Top of Given information

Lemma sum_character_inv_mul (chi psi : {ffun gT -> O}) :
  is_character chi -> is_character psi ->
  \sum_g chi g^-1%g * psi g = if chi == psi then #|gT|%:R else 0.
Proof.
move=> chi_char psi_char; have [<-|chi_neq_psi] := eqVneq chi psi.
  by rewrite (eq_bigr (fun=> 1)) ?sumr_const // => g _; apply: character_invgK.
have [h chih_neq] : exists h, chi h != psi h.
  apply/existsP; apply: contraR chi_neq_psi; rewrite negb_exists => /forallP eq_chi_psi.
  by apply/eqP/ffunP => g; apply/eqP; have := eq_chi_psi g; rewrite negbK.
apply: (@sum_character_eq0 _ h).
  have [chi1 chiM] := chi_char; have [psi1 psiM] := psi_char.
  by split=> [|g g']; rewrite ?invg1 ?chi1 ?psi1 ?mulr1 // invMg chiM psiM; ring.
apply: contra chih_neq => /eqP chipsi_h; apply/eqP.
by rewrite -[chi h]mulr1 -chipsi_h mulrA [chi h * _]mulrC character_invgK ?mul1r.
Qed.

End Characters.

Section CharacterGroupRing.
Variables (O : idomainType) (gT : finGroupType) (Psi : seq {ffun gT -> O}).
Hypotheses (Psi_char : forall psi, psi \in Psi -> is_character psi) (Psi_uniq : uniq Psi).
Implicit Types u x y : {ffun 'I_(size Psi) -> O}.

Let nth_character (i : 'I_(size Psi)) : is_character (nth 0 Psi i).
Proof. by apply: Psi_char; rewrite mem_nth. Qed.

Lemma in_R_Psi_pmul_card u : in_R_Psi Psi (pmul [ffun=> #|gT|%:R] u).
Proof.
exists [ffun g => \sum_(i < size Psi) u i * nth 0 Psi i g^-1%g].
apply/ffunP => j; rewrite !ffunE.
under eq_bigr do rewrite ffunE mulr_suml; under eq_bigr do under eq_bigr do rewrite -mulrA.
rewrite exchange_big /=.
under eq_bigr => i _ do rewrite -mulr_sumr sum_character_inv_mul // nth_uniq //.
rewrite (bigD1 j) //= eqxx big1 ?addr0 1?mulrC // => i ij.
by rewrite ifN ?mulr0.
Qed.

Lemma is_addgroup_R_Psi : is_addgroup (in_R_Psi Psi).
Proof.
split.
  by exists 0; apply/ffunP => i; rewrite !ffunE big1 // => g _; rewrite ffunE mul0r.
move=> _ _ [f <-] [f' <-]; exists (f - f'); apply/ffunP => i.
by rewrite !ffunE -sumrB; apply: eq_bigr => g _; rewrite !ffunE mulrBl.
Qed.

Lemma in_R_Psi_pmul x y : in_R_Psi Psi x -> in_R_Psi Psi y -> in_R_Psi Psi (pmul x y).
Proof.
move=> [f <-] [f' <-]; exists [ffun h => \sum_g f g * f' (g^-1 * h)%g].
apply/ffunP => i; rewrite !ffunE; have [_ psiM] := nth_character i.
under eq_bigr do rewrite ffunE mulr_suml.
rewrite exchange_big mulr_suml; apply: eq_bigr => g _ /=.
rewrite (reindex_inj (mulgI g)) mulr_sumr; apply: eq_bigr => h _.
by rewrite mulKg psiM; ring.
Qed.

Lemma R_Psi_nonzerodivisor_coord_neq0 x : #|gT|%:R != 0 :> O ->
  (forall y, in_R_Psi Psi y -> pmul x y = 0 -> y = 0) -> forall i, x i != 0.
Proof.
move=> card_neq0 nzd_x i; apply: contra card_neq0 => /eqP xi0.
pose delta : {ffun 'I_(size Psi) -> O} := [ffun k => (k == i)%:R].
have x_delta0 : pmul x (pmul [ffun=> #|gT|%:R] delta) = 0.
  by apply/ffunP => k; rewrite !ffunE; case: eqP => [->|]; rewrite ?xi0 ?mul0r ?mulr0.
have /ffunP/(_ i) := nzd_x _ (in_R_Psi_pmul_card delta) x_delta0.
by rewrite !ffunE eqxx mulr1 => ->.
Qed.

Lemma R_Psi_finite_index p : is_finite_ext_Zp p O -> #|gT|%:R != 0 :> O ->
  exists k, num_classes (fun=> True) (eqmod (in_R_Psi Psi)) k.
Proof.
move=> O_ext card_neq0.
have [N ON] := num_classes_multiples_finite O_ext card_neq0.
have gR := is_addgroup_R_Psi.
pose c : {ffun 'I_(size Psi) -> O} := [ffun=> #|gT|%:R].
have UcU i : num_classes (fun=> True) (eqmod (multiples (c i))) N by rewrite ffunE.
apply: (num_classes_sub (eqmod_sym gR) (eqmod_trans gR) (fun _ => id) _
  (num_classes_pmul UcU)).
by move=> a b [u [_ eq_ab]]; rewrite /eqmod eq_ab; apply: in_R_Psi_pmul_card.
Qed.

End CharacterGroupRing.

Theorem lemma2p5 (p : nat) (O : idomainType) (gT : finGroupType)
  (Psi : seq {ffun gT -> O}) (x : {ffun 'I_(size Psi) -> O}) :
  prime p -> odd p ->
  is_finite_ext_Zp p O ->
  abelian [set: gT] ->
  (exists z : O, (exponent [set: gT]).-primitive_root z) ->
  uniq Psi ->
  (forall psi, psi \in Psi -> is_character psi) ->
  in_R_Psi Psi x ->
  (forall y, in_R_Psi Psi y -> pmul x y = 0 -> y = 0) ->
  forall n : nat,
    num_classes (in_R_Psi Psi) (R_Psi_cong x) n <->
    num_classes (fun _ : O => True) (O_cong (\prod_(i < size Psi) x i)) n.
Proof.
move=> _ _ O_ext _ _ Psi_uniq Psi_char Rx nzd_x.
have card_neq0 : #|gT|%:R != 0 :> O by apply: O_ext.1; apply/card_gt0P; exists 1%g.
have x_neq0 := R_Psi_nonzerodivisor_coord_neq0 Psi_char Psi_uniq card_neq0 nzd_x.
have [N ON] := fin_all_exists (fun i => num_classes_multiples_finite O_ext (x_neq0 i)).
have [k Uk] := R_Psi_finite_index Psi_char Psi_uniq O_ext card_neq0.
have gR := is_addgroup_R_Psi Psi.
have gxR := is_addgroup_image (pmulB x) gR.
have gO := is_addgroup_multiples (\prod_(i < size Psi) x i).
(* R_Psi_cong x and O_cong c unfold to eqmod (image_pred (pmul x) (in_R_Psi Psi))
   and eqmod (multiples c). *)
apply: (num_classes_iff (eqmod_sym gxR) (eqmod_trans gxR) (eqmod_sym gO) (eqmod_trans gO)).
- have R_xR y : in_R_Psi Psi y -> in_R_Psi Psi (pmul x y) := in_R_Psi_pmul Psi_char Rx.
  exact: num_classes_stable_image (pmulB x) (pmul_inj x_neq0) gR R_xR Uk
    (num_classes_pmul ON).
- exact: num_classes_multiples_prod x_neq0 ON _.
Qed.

Bottom of Given information

**Task instructions:** Above are the records; copy exactly the lines from the line with "have card_neq0 : #|gT|%:R" through the line with "and eqmod (multiples c). *)", both included.

**Exercise answer:**
have card_neq0 : #|gT|%:R != 0 :> O by apply: O_ext.1; apply/card_gt0P; exists 1%g.
have x_neq0 := R_Psi_nonzerodivisor_coord_neq0 Psi_char Psi_uniq card_neq0 nzd_x.
have [N ON] := fin_all_exists (fun i => num_classes_multiples_finite O_ext (x_neq0 i)).
have [k Uk] := R_Psi_finite_index Psi_char Psi_uniq O_ext card_neq0.
have gR := is_addgroup_R_Psi Psi.
have gxR := is_addgroup_image (pmulB x) gR.
have gO := is_addgroup_multiples (\prod_(i < size Psi) x i).
(* R_Psi_cong x and O_cong c unfold to eqmod (image_pred (pmul x) (in_R_Psi Psi))
   and eqmod (multiples c). *)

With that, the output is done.